If you plan on reusing the same NLP model in other modules, we recommend building the model as an NLP search training set. NLP models built using the Text Analysis action are specific to the module you create them in, and each model requires creating and maintaining an individual branch, whereas you can handle all of that configuration and maintenance in a single location with a training set.

text_analysys_overview.png

Best Practices

To get the most out of this action, there are several best practices we recommend:

  • You should always create a branch for situations where no match is found. Even if you don't want to take any action in those situations, incorporating a "failed to match" branch makes reading and understanding the module history easier. Additionally, we recommend adding in a Train action to help improve the accuracy of the NLP branches and avoid missed keywords in future workflow runs.

  • It's important to consider whether branches should be exclusive or not. That is, you may want only one branch to run or all matching branches to run. In general, we recommend only running the best-matched branch, but there are use cases where you may want multiple matching branches to run. For example, if you receive a request for multiple documents in a single email and you have a branch dedicated to fulfilling requests for each form, you would want each of those branches to run and provide all the requested documents.

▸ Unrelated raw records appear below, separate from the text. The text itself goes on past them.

Definition step (st : state) (c : nat) : state :=
  let: (seen, before, broken) := st in
  ([seq nth false seen i || (c == i) | i <- letters],
   table (fun i j => if c == j then true else if c == i then false else entry before i j),
   table (fun i j => (i != j) &&
     [|| entry broken i j, (c == i) && entry before j i | (c == j) && entry before i j])).

Lemma eq_table f g : (forall i j, i < 5 -> j < 5 -> f i j = g i j) -> table f = table g.
Proof.
move=> fg; apply/eq_in_map => i /[!mem_iota] i5; apply/eq_in_map => j /[!mem_iota] j5.
exact: fg.
Qed.

Lemma abstraction_rcons v c : abstraction (rcons v c) = step (abstraction v) c.
Proof.
rewrite /abstraction /step; congr (_, _, _).
- apply/eq_in_map => i /[!mem_iota] i5.
  by rewrite (nth_map 0) ?size_iota // nth_iota // mem_rcons inE eq_sym orbC.
- by apply: eq_table => i j i5 j5; rewrite entry_table // last_before_rcons.
apply: eq_table => i j i5 j5; rewrite !entry_table //.
by case: (eqVneq i j) => //= ij; rewrite alternating_rcons // negb_and negbK orbA.
Qed.

Definition required : seq (nat * nat) :=
  [:: (1, 2); (1, 3); (1, 4); (2, 3); (2, 4); (3, 4); (0, 1); (0, 3)].

Definition admissible (st : state) : bool :=
  all (fun e => ~~ entry st.2 e.1 e.2) required.

Definition interleaved (st : state) : bool :=
  [&& all id st.1.1, entry st.2 0 2, entry st.2 0 4 & cyclic4 (entry st.1.2) 1 2 3 4].

Fixpoint explore (fuel : nat) (found frontier : seq state) : seq state :=
  if fuel is fuel'.+1 then
    let new := undup [seq st <- [seq step st c | st <- frontier, c <- iota 0 6] |
                      admissible st && (st \notin found)] in
    explore fuel' (found ++ new) new
  else found.

(* The fuel only bounds the search: soundness rests on [reachable_closed]. *)
Definition reachable : seq state :=
  Eval vm_compute in explore 40 [:: abstraction [::]] [:: abstraction [::]].

Lemma reachable_closed :
  all (fun st => all (fun c => admissible (step st c) ==> (step st c \in reachable))
                     (iota 0 6)) reachable.
Proof. by vm_compute. Qed.

Lemma reachable_not_interleaved : all (fun st => ~~ interleaved st) reachable.
Proof. by vm_compute. Qed.

Lemma empty_reachable : abstraction [::] \in reachable.
Proof. by vm_compute. Qed.

Lemma admissible_abstraction v :
  admissible (abstraction v) = all (fun e => alternating v e.1 e.2) required.
Proof. by rewrite /admissible /= !entry_table //= !negbK. Qed.

Lemma abstraction_reachable v : all (gtn 6) v ->
  all (fun e => alternating v e.1 e.2) required -> abstraction v \in reachable.
Proof.
elim/last_ind: v => [|v c IHv]; first by rewrite empty_reachable.
rewrite all_rcons => /andP[c6 v6] alt_vc.
have alt_v : all (fun e => alternating v e.1 e.2) required.
  apply/allP => e e_req; have := allP alt_vc e e_req.
  have ij : e.1 != e.2 by move: e e_req; apply/allP.
  by rewrite alternating_rcons // => /andP[].
have /allP/(_ c) := allP reachable_closed _ (IHv v6 alt_v).
by rewrite mem_iota -abstraction_rcons admissible_abstraction alt_vc; apply.
Qed.

Lemma abstraction_not_interleaved v : all (gtn 6) v -> {subset letters <= v} ->
  all (fun e => alternating v e.1 e.2) required ->
  ~~ alternating v 0 2 -> ~~ alternating v 0 4 -> ~~ cyclic4 (last_before v) 1 2 3 4.
Proof.
move=> v6 v_full alt_v nalt02 nalt04; apply: contraL (abstraction_reachable v6 alt_v).
move=> cyc; apply/negP => /(allP reachable_not_interleaved); apply/negPn.
rewrite /interleaved /= !entry_table //= nalt02 nalt04.
have -> : cyclic4 (entry (table (last_before v))) 1 2 3 4 = cyclic4 (last_before v) 1 2 3 4.
  by rewrite /cyclic4 !entry_table.
by rewrite cyc !v_full.
Qed.

Lemma index_mono (T : eqType) (s : seq T) c :
  c \in s -> {mono index^~ s : e / e == c >-> e == index c s}.
Proof.
move=> c_s e; case: (eqVneq e c) => [->|ec]; first by rewrite eqxx.
apply/negbTE; apply: contra ec => /eqP ec.
have e_s : e \in s by rewrite -index_mem ec index_mem.
by rewrite -(nth_index c e_s) ec nth_index.
Qed.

  • If you have two branches with the same or similar keywords, you can add conditions to those branches to further specify when each branch should run. Select the conditions icon, conditions.png, in the lower left corner of the branch block to add a condition.

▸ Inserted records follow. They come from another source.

Section InvertibleUnit.
Variable epsinv : forall i : I, nt_data (kFcomp (R i) (L i)) (kFid (Xo i)).
Hypothesis Hinv : forall i : I, nt_inverse (eps i) (epsinv i).

Let epsinv_nat i x y (f : khom (Xo i) x y) :
  kcomp f (epsinv i x) = kcomp (epsinv i y) (fmap (fmap f : khom (Yo i) _ _)).
Proof. exact (natural_inverse (unit_natural i) (Hinv i) f). Qed.

Lemma transfer_oplax_morL :
  is_oplax_mor Xo Yo Xm eta theta Y Yeta' Ytheta' L (phiL Xo Yo Xm L R epsinv).
Proof.
have epsinv_eps i x : kcomp (epsinv i x) (eps i x) = kid x by case: (Hinv i).
split.
- by move=> i j a x y f; rewrite /phiL /= -!fmap_comp epsinv_nat.
- move=> i x; rewrite /phiL /Yeta /= -fmap_comp -oplax_eta_nat fmap_comp.
  by rewrite (adj_unit_inv_counit (Hadj i) (Hinv i)).
- move=> i j l a b x; rewrite /phiL /Ytheta /= !kcompA -!fmap_comp -epsinv_nat.
  by rewrite -kcompA epsinv_eps kcomp1r -oplax_theta_nat.
Qed.

Lemma phiL_iso i j (a : chom i j) : nt_iso (phiL Xo Yo Xm L R epsinv i j a).
Proof.
exact (nt_iso_whiskerl (kFcomp (L j) (Xm i j a))
         (nt_iso_inverse (unit_natural i) (Hinv i))).
Qed.

End InvertibleUnit.
End Transfer.

Theorem lemma4p8 (k : comPzRingType) (I : Cat)
  (Xo : I -> kCat k)
  (Xm : forall i j : I, chom i j -> kFunctor (Xo i) (Xo j))
  (eta : forall i : I, nt_data (Xm i i (cid i)) (kFid (Xo i)))
  (theta : forall (i j l : I) (a : chom i j) (b : chom j l),
      nt_data (Xm i l (ccomp b a)) (kFcomp (Xm j l b) (Xm i j a)))
  (HX : is_oplax Xo Xm eta theta)
  (Yo : I -> kCat k)
  (L : forall i : I, kFunctor (Xo i) (Yo i))
  (R : forall i : I, kFunctor (Yo i) (Xo i))
  (eps : forall i : I, nt_data (kFid (Xo i)) (kFcomp (R i) (L i)))
  (zeta : forall i : I, nt_data (kFcomp (L i) (R i)) (kFid (Yo i)))
  (Hadj : forall i : I, is_adjunction (L i) (R i) (eps i) (zeta i)) :
  is_oplax Yo (Ym Xo Yo Xm L R) (Yeta Xo Yo Xm eta L R zeta)
    (Ytheta Xo Yo Xm theta L R eps) /\
  is_oplax_mor Yo Xo (Ym Xo Yo Xm L R) (Yeta Xo Yo Xm eta L R zeta)
    (Ytheta Xo Yo Xm theta L R eps) Xm eta theta R (phiR Xo Yo Xm L R eps) /\
  ((forall i : I, nt_iso (eps i)) ->
     (forall (i j : I) (a : chom i j), nt_iso (phiR Xo Yo Xm L R eps i j a)) /\
     (forall epsinv : forall i : I, nt_data (kFcomp (R i) (L i)) (kFid (Xo i)),
        (forall i : I, nt_inverse (eps i) (epsinv i)) ->
        is_oplax_mor Xo Yo Xm eta theta (Ym Xo Yo Xm L R)
          (Yeta Xo Yo Xm eta L R zeta) (Ytheta Xo Yo Xm theta L R eps)
          L (phiL Xo Yo Xm L R epsinv) /\
        (forall (i j : I) (a : chom i j),
           nt_iso (phiL Xo Yo Xm L R epsinv i j a)))).
Proof.
split; first exact: transfer_oplax.
split; first exact: transfer_oplax_morR.
move=> eps_iso; split; first exact: phiR_iso.
move=> epsinv Hinv; split; first exact: transfer_oplax_morL.
exact: phiL_iso.
Qed.
(* Let $A\in M_2(\mathbb{Z})$ be an expanding matrix whose characteristic polynomial is $x^2+px+q$ with $p$ a positive integer and $q\in\{3,-3\}$. Let $k\in\mathbb{Z}\setminus\{0\}$ and let $v\in\mathbb{R}^2$ be such that $\{v,Av\}$ is linearly independent. Let $\mathcal{D}=\{0,v,kAv\}$. Then $T(A,\mathcal{D})$ is connected if and only if $k=\pm1$.
   Context: A real square matrix is expanding if all its eigenvalues have modulus strictly larger than $1$. For an expanding matrix $A\in M_n(\mathbb{Z})$ and a finite set $\mathcal{D}\subset\mathbb{R}^n$ with $|\mathcal D|=|\det A|$, the self-affine set $T(A,\mathcal{D})$ is the unique nonempty compact set $T$ with $AT=T+\mathcal{D}$; equivalently $T=\{\sum_{i=1}^\infty A^{-i}d_{j_i}: d_{j_i}\in\mathcal{D}\}$. *)

From Stdlib Require Import Reals Lra ZArith List.
Open Scope R_scope.

Definition pt := (R * R)%type.

Definition padd (x y : pt) : pt := (fst x + fst y, snd x + snd y).
Definition pscale (c : R) (x : pt) : pt := (c * fst x, c * snd x).
Definition pzero : pt := (0, 0).

Record mat2 := Mat2 { m11 : R; m12 : R; m21 : R; m22 : R }.

Definition mapply (M : mat2) (x : pt) : pt :=
  (m11 M * fst x + m12 M * snd x, m21 M * fst x + m22 M * snd x).

Definition mdet (M : mat2) : R := m11 M * m22 M - m12 M * m21 M.
Definition mtr (M : mat2) : R := m11 M + m22 M.

Definition matZ (a b c d : Z) : mat2 := Mat2 (IZR a) (IZR b) (IZR c) (IZR d).

Definition minv (M : mat2) : mat2 :=
  Mat2 (m22 M / mdet M) (- m12 M / mdet M) (- m21 M / mdet M) (m11 M / mdet M).

Definition mpow_apply (M : mat2) (n : nat) (x : pt) : pt := Nat.iter n (mapply M) x.

(* Complex eigenvalue lambda = re + i im of M: a root of the characteristic
   polynomial det(lambda I - M) = lambda^2 - tr(M) lambda + det(M),
   written out in real and imaginary parts. *)
Definition is_eigenvalue (M : mat2) (re im : R) : Prop :=
  re * re - im * im - mtr M * re + mdet M = 0 /\
  2 * re * im - mtr M * im = 0.

Definition expanding (M : mat2) : Prop :=
  forall re im, is_eigenvalue M re im -> re * re + im * im > 1.
Lemma window_ok_padded m : window_ok (W m).
Proof.
rewrite /window_ok; have [//|present1] := eqVneq (nth absent (W m) 1) absent.
apply/allP => r; rewrite mem_iota => /andP[_ hr].
have [U <- hU] := window_vertex hr (isT : 1 < 4) present1.
apply/andP; split; first by apply: window_Iset_neq_nil (ld_Iset_neq0 hC U); lia.
apply/allP => r'; rewrite mem_iota => /andP[_ hr'].
apply/allP => k; rewrite mem_iota => /andP[hk1 hk2].
have [_|presentk] := eqVneq (nth absent (W m) k) absent; first by rewrite !orbT.
have hk : k < 4 by lia.
have [V <- hV] := window_vertex hr' hk presentk.
rewrite !in_window_vertex; try lia.
have [//|UNC] := boolP (U \in C); have [//|VNC] := boolP (V \in C).
have [//|neq_UV] := eqVneq (to_window m U) (to_window m V).
rewrite !orFb; apply/negP => /eqP eq_I; move/eqP: neq_UV; apply; congr to_window.
by apply: (ld_Iset_inj hC UNC VNC); apply: (window_Iset_eq _ _ eq_I); lia.
Qed.

End GridColumns.

Theorem lemma4p13 (n : nat) : 0 < n ->
  LD (grid_adj 3 n) >= (if n %% 3 == 1 then n.+1 else n).
Proof.
(* The bound holds for n = 0 as well. *)
move=> _; apply: LD_lower_bound => C hC.
rewrite -(sum_col_size C); apply: column_sequence_bound => i.
- exact: padded_code_absent.
- exact: padded_code_lt.
- exact: window_ok_padded.
Qed.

    best_practices_branch_conditions.png

Common Use Cases

  • The Text Analysis action is often used in workflows that monitor an email inbox and automate responses to various requests. For example, a Legal Ops team might build a module that listens to a shared email inbox for contract templates. They could include a Text Analysis action to identify keywords (like "NDA", for example) and run a workflow that sends the requested template back to the requester.

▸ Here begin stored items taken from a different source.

Lemma sat_ctl_inf_to_delta phi s :
  sat_inf K s phi <-> sat_delta (dext K) (Some s) (ctl_inf_to_delta phi).
Proof.
  revert s; induction phi as [p|a IH|I Phi IH|a IHa b IHb|a IH]; intros s.
  - reflexivity.
  - simpl; rewrite IH; reflexivity.
  - simpl; split; intros H i; apply IH, H.
  - simpl ctl_inf_to_delta; rewrite sat_DEU_dext; unfold ex_max_fin_path.
    setoid_rewrite sat_DAndNotDelta; setoid_rewrite <- IHa; setoid_rewrite <- IHb.
    pose proof (sdelta_holds_DAndNotDelta (a := ctl_inf_to_delta b)); simpl; tauto.
  - simpl ctl_inf_to_delta; rewrite sat_DEG_dext; unfold ex_max_fin_path.
    setoid_rewrite sat_DAndNotDelta; setoid_rewrite <- IH.
    pose proof (sdelta_holds_DAndNotDelta (a := ctl_inf_to_delta a)); simpl; tauto.
Qed.

End InfToDelta.

Definition ITrue {AP} : ctl_inf AP := IAnd (fun x : False => match x with end).

Definition IProp {AP} (P : Prop) : ctl_inf AP := INeg (IAnd (fun _ : P => INeg ITrue)).

Definition IAnd2 {AP} (a b : ctl_inf AP) : ctl_inf AP :=
  IAnd (fun x : bool => if x then a else b).

Definition IOr {AP} (a b : ctl_inf AP) : ctl_inf AP := INeg (IAnd2 (INeg a) (INeg b)).

(* E(c U (c /\ ~E(true U ~c) /\ ~E^inf G true)): every state reachable from the last one
   satisfies c and no path from it is infinite, so a deadlock is reachable along c-states. *)
Definition IEGmax {AP} (c : ctl_inf AP) : ctl_inf AP :=
  IEU c (IAnd2 c (IAnd2 (INeg (IEU ITrue (INeg c))) (INeg (IEinfG ITrue)))).

Fixpoint ctl_delta_to_inf {AP} (phi : ctl_delta AP) : ctl_inf AP :=
  match phi with
  | DAtom (Some p) => IAtom p
  | DAtom None => IProp False
  | DNeg a => INeg (ctl_delta_to_inf a)
  | DAnd Phi => IAnd (fun i => ctl_delta_to_inf (Phi i))
  | DEU a b =>
      IOr (IEU (ctl_delta_to_inf a) (ctl_delta_to_inf b))
          (IAnd2 (IProp (sdelta_holds b)) (IEGmax (ctl_delta_to_inf a)))
  | DEG a =>
      IOr (IEinfG (ctl_delta_to_inf a))
          (IAnd2 (IProp (sdelta_holds a)) (IEGmax (ctl_delta_to_inf a)))
  end.

Section DeltaToInf.

Variables (AP St : Type) (K : kripke AP St).

Lemma sat_ITrue s : sat_inf K s ITrue.
Proof. intros []. Qed.

Lemma sat_IProp s P : sat_inf K s (IProp P) <-> P.
Proof.
  simpl; split.
  - intros H; apply NNPP; intros HnP; apply H; intros p; contradiction.
  - intros p H; exact (H p (sat_ITrue s)).
Qed.

Lemma sat_IAnd2 s a b : sat_inf K s (IAnd2 a b) <-> sat_inf K s a /\ sat_inf K s b.
Proof.
  simpl; split; [intros H; exact (conj (H true) (H false)) | intros [Ha Hb] [|]; assumption].
Qed.

Lemma sat_IOr s a b : sat_inf K s (IOr a b) <-> sat_inf K s a \/ sat_inf K s b.
Proof.
  change (~ sat_inf K s (IAnd2 (INeg a) (INeg b)) <-> sat_inf K s a \/ sat_inf K s b).
  rewrite sat_IAnd2; simpl; tauto.
Qed.

Lemma sat_IEGmax s c : sat_inf K s (IEGmax c) <-> ex_max_fin_path K s (fun x => sat_inf K x c).
Proof.
  unfold IEGmax; simpl sat_inf at 1; setoid_rewrite sat_IAnd2; setoid_rewrite sat_IAnd2; split.
  - intros (f & k & F0 & Hf & (Hck & Hreach & Hinf) & Hc).
    assert (Hall : forall g m, g 0 = f k -> fin_path K g m -> sat_inf K (g m) c).
    { intros g m G0 Hg; apply NNPP; intros Hn; apply Hreach.
      exists g, m; repeat split; [assumption.. | intros i _; apply sat_ITrue]. }
    destruct (deadlock_path_of_no_inf_path (K := K) (v := f k)) as (g & m & G0 & Hg & Hdead).
    { intros (g & G0 & Hg); apply Hinf.
      exists g; repeat split; [assumption.. | intros i; apply sat_ITrue]. }
    exists (path_app f k g), (k + m); split; [rewrite path_app_l by lia; exact F0|].
    split; [apply fin_path_app; auto|].
    rewrite path_app_r by (congruence || lia); replace (k + m - k) with m by lia.
    split; [exact Hdead|].
    intros i Hi; destruct (Nat.lt_ge_cases i k).
    + rewrite path_app_l by lia; apply Hc, H.
    + rewrite path_app_r by (congruence || lia); apply Hall; [exact G0|].
      apply (fin_path_le Hg); lia.
  - intros (f & k & F0 & Hf & Hdead & Hc).
    exists f, k; split; [exact F0|]; split; [exact Hf|].
    split; [|intros i Hi; apply Hc; lia].
    split; [apply Hc; lia|]; split.
    + intros (g & [|m] & G0 & Hg & Hn & _).
      * apply Hn; rewrite G0; apply Hc; lia.
      * apply (Hdead (g 1)); rewrite <- G0; apply Hg; lia.
    + intros (g & G0 & Hg & _); apply (Hdead (g 1)); rewrite <- G0; apply Hg.
Qed.

Lemma sat_ctl_delta_to_inf phi s :
  sat_delta (dext K) (Some s) phi <-> sat_inf K s (ctl_delta_to_inf phi).
Proof.
  revert s; induction phi as [[p|]|a IH|I Phi IH|a IHa b IHb|a IH]; intros s.
  - reflexivity.
  - simpl ctl_delta_to_inf; rewrite sat_IProp; simpl; tauto.
  - simpl; rewrite IH; reflexivity.
  - simpl; split; intros H i; apply IH, H.
  - simpl ctl_delta_to_inf; rewrite sat_DEU_dext, sat_IOr, sat_IAnd2, sat_IProp, sat_IEGmax.
    unfold ex_max_fin_path; setoid_rewrite IHa; setoid_rewrite IHb; reflexivity.
  - simpl ctl_delta_to_inf; rewrite sat_DEG_dext, sat_IOr, sat_IAnd2, sat_IProp, sat_IEGmax.
    unfold ex_max_fin_path; setoid_rewrite IH; reflexivity.
Qed.

End DeltaToInf.

Theorem theorem8p6 (AP : Type) :
  (forall phi : ctl_inf AP, exists phi' : ctl_delta AP,
     forall (S : Type) (K : kripke AP S) (s : S),
       sat_inf K s phi <-> sat_delta (dext K) (Some s) phi')
  /\
  (forall phi : ctl_delta AP, exists phi' : ctl_inf AP,
     forall (S : Type) (K : kripke AP S) (s : S),
       sat_delta (dext K) (Some s) phi <-> sat_inf K s phi').
Proof.
  split.
  - intros phi; exists (ctl_inf_to_delta phi); intros St K s; apply sat_ctl_inf_to_delta.
  - intros phi; exists (ctl_delta_to_inf phi); intros St K s; apply sat_ctl_delta_to_inf.
Qed.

    If the email inbox receives a wider range of requests, you could use the Text Analysis action to determine the content of each incoming message and initiate workflows in different branches where each branch is a dedicated workflow for that type of request.

  • The training set option in the Text Analysis action is often used in conjunction with OCR to process read-only documents like PDFs. By converting a PDF to text, you can use a training set to read and extract important fields from the documents and then use those fields in various workflows.

Configuration

The configuration for each section in the action panel is detailed below.

Input text to process

Specify the text you want to analyze. Select the insert field icon, insert_field.png, to choose from available fields.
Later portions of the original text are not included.